To read about the methodology in how these rankings came about, you can click here.
Total Score: 55.5/100
Last year’s rank: N/A
Player Grade: 56/100
Teams he is starter: 7 out of 32
Teams he is best position player: 4 out of 32
Teams he is role player: 32 out of 32
Peak-Year Bonus: +2
Positional Bonus: +4
The Falcons’ biggest need
for the past several years entering this past offseason was to get better at pressuring the quarterback. Expectations were high that the Falcons would make a big splash in the free agency market to try and find someone that could.
Thus it was a little disappointing when Falcon fans saw players like Jerry Hughes, Derrick Morgan and Brian Orakpo go by the way side early in free agency, signing lucrative with teams not named the Falcons. Eventually the team “settled” on Clayborn, a competent but non-flashy starter the past several years in the league.
Clayborn entered the league in 2011 with considerably more pub as the first-round pick of the Tampa Bay Buccaneers. After a promising 7.5-sack total during his rookie year, Clayborn was poised for greater things until an ACL injury forced him to miss most of his sophomore season. Clayborn came back in 2013 but to lesser fanfare, putting together a solid, but unspectacular five-sack season.
The Bucs’ pass rush had been a notable weakness over the course of Clayborn’s tenure in Tampa, thus it was little surprise when the team sprang for free agent Michael Johnson last year. That expenditure became somewhat a testament to the limitations of Clayborn and others currently there. Unfortunately, Clayborn never had the opportunity to disprove his naysayers as another injury, this time one to his right arm suffered in the season-opener, sidelined him for the remainder of 2014.
Clayborn comes to Atlanta with a bit of a chip on his shoulder, hoping to prove that not only can he remain healthy, but can begin to live up to the billing he once had as a first-round pick and prominent pass-rusher.
With a one-year contract, this season will be an important one for the 27-year old pass-rusher. Unless he can prove himself to be a productive pass-rusher and remain healthy, he won’t get many more opportunities to be a starter in the future.
And yet Clayborn will be seeking to prove all this and he may not even be a starter in Atlanta. He’ll likely be utilized mainly as a sub-package player in Dan Quinn’s defense this year. That draws parallels to a former teammate of Clayborn in Michael Bennett, who also was technically a reserve for the Seattle Seahawks in 2013 despite leading the team with 8.5 sacks.

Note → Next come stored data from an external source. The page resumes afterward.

(* Let $K\ge 1$, $N\ge1$, and for $k\in\{0,1,\dots,K\}$ let $\bm{H}_k\colon\mathbb{R}^{d_k}\to\mathbb{R}^{N\times E_k}$ be differentiable maps, and let $\Phi\colon\mathbb{R}^{N\times E}\to\mathbb{R}$, $E=\sum_{k=0}^K E_k$, be differentiable. Put $\bm{x}=(\bm{x}_0,\dots,\bm{x}_K)$ and $f(\bm{x})=\Phi(\bm{H}_0(\bm{x}_0),\bm{H}_1(\bm{x}_1),\dots,\bm{H}_K(\bm{x}_K))$. Assume $\Phi$ is $L$-smooth, i.e. $\lVert\nabla\Phi(\bm{U})-\nabla\Phi(\bm{V})\rVert\le L\lVert\bm{U}-\bm{V}\rVert$ for all $\bm{U},\bm{V}$, and that each $\bm{H}_k$ has bounded derivative, i.e. $\lVert\nabla\bm{H}_k(\bm{x}_k)\rVert\le H$ for all $\bm{x}_k$ and all $k\in\{0,\dots,K\}$. Let $\{\bm{x}^t\}$ and $\{\bm{G}^t_k\}$ be the iterates and surrogates generated by the EF-VFL algorithm described in the context, and let $\bm{g}^t=(\bm{g}^t_0,\dots,\bm{g}^t_K)$ and $D^{(t)}$ be as defined there. Then for all $t\ge0$, $$\lVert \bm{g}^{t}-\nabla f(\bm{x}^{t})\rVert^2\le K H^2L^2 D^{(t)}.$$
   Context: Norms of matrices are Frobenius norms, and the norm of the third-order tensor $\nabla\bm{H}_k(\bm{x}_k)$ is its Euclidean (Frobenius) norm; $\nabla_k$ denotes the partial derivative with respect to the $k$-th block of arguments. A contractive compressor is a (possibly random) map $\mathcal{C}$ with $\mathbb{E}\lVert\mathcal{C}(\bm{v})-\bm{v}\rVert^2\le(1-\alpha)\lVert\bm{v}\rVert^2$ for all $\bm{v}$, for some $\alpha\in(0,1]$, with independent randomness at each application. EF-VFL: surrogates are initialized $\bm{G}^0_k=\mathcal{C}(\bm{H}_k(\bm{x}^0_k))$, $k=0,\dots,K$; at each $t$, $\bm{x}^{t+1}=\bm{x}^t-\eta\tilde{\bm{g}}^t$ and $\bm{G}^{t+1}_k=\bm{G}^t_k+\mathcal{C}(\bm{H}_k(\bm{x}^{t+1}_k)-\bm{G}^t_k)$ for $k=0,\dots,K$. The full surrogate gradient has blocks $\bm{g}^t_k=\sum_{i=1}^N\sum_{j=1}^{E_k}[\tilde\nabla^t_k\Phi]_{ij}[\nabla\bm{H}_k(\bm{x}^t_k)]_{ij:}$ where $\tilde\nabla^t_k\Phi=\nabla_k\Phi(\bm{G}^t_0,\dots,\bm{G}^t_{k-1},\bm{H}_k(\bm{x}^t_k),\bm{G}^t_{k+1},\dots,\bm{G}^t_K)$; $\tilde{\bm{g}}^t$ is its mini-batch analogue computed from the same formula with $\Phi$ replaced by the mini-batch objective on a sampled batch $\mathcal{B}^t\subseteq[N]$ of size $B$ and only the corresponding rows of $\bm{H}_k,\bm{G}_k$. The total distortion is $D^{(t)}=\sum_{k=0}^K\lVert\bm{G}^t_k-\bm{H}_k(\bm{x}^t_k)\rVert^2$. *)

From HB Require Import structures.
From mathcomp Require Import all_boot all_order all_algebra.
From mathcomp Require Import all_classical all_reals all_analysis.
Set Implicit Arguments. Unset Strict Implicit. Unset Printing Implicit Defensive.
Import Order.TTheory GRing.Theory Num.Theory.
Import numFieldNormedType.Exports.
Local Open Scope ring_scope.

Like Bennett, Clayborn will likely be asked to play both inside and outside along the defensive line. While Clayborn possesses good first-step quickness, he doesn’t have the sort of devastating first step that has made him feared as an edge-rusher. But that first step should be far more effective playing on the interior against slow-footed guards.

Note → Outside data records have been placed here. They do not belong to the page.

(* The abelian category $\mathcal R$ of rational $\mathfrak{sl}(2)$-modules decomposes as the $\mathrm{Hom}$-orthogonal direct sum of the abelian subcategories of generalized rational Casimir modules: $$\mathcal R=\bigoplus_{\mu\in\mathbb{C}}\mathcal{RC}^\bullet_\mu .$$ That is, every rational module $W$ is a finite direct sum, as $\mathfrak{sl}(2)$-modules, $W=W_{\mu_1}\oplus\cdots\oplus W_{\mu_r}$ with pairwise distinct $\mu_i\in\mathbb{C}$ and $W_{\mu_i}\in\mathcal{RC}^\bullet_{\mu_i}$, and $\mathrm{Hom}_{\mathfrak{sl}(2)}(A,B)=0$ whenever $A\in\mathcal{RC}^\bullet_\mu$, $B\in\mathcal{RC}^\bullet_\nu$ with $\mu\neq\nu$. This decomposition is compatible with the coproduct decomposition $\mathcal{RC}=\coprod_{\mu\in\mathbb{C}}\mathcal{RC}_\mu$ (i.e. $\mathcal{RC}_\mu\subseteq\mathcal{RC}^\bullet_\mu$ for each $\mu$).
   Context: $\mathfrak{sl}(2)$ has basis $L_{-1}=f$, $L_0=-\tfrac12 h$, $L_1=-e$ for a Chevalley basis $e,f,h$ ($[e,f]=h$, $[h,e]=2e$, $[h,f]=-2f$). Every $\mathfrak{sl}(2)$-module $(V,\rho)$ is a $\mathbb{C}[z]$-module via $z\cdot v=\rho(L_0)v$, and has Casimir operator $C_\rho=\rho(L_0)(\rho(L_0)-1)-\rho(L_{-1})\rho(L_1)$. A rational module is an $\mathfrak{sl}(2)$-module whose $\mathbb{C}[z]$-module structure is that of a finite-dimensional $\mathbb{C}(z)$-vector space; $\mathcal R$ is the full subcategory of $\mathfrak{sl}(2)$-modules formed by rational modules. A module is Casimir of level $\mu$ if $C_\rho=\mu\,\mathrm{Id}$, and generalized Casimir of level $\mu$ if $(C_\rho-\mu)^n=0$ for some $n\ge1$. $\mathcal{RC}_\mu$ (resp. $\mathcal{RC}^\bullet_\mu$) is the full subcategory of $\mathcal R$ of Casimir (resp. generalized Casimir) rational modules of level $\mu$, and $\mathcal{RC}$ is the full subcategory of all rational Casimir modules (of any level). *)

From HB Require Import structures.
From mathcomp Require Import all_boot all_order all_algebra.
From mathcomp Require Import Rstruct.
From mathcomp.real_closed Require Import complex.
Set Implicit Arguments. Unset Strict Implicit. Unset Printing Implicit Defensive.
Import Order.TTheory GRing.Theory Num.Theory.
Local Open Scope ring_scope.
Lemma steiner_tree_length :
  2 * edist (- c1, d) (0, d - c1 / sqrt 3) + 2 * edist (c2, 0) (0, c2 / sqrt 3)
  + edist (0, d - c1 / sqrt 3) (0, c2 / sqrt 3)
  = d * (1 + sqrt 3 * k).
Proof.
  pose proof sqrt3_sq as Hq. pose proof Rlt_sqrt3_0 as Hq0.
  set (q := sqrt 3) in *.
  assert (Hleg1 : edist (- c1, d) (0, d - c1 / q) = 2 * c1 / q).
  { rewrite edist_to_axis. apply sqrt_lem_1; [nra | apply Rlt_le, Rdiv_lt_0_compat; lra |].
    replace (d - (d - c1 / q)) with (c1 / q) by ring.
    field_simplify; try lra.
    replace (q ^ 2) with 3 by (rewrite <- Hq; ring). field. }
  assert (Hleg2 : edist (c2, 0) (0, c2 / q) = 2 * c2 / q).
  { rewrite edist_to_axis. apply sqrt_lem_1; [nra | apply Rlt_le, Rdiv_lt_0_compat; lra |].
    field_simplify; try lra.
    replace (q ^ 2) with 3 by (rewrite <- Hq; ring). field. }
  assert (Hmid : edist (0, d - c1 / q) (0, c2 / q) = d - (c1 + c2) / q).
  { rewrite edist_axis; [field; lra |].
    apply (Rmult_le_reg_r q); [lra |]. field_simplify; nra. }
  rewrite Hleg1, Hleg2, Hmid.
  replace (d * (1 + q * k)) with (d + (q * q) * (k * d) / q) by (field; lra).
  rewrite Hq, <- Hk. field. lra.
Qed.

End Trapezium.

The key for Clayborn’s success as an interior rusher is whether or not his hand use has gotten stronger. Born with Erb’s Palsy, Clayborn has been somewhat limited over the years due to not having full range of motion and strength in his right arm. Being a one-handed defender doesn’t bode well for trying to fight his way through the phone booth that is often the battle in the trenches along the interior.
Obviously Clayborn’s condition hasn’t been too limiting on him given his success when healthy, but it may be a different animal now that he’ll be facing guards. It’s just something else that Clayborn will have to prove.
If he can, then there’s a chance that he’ll be rewarded with a long-term contract by the Falcons or another team in 2016. If he cannot, then he’ll have just been a competent seat-warmer for young players like Grady Jarrett, Ra’Shede Hageman and Malliciah Goodman.
Either way, the Falcons should benefit because they’ll get a highly motivated veteran.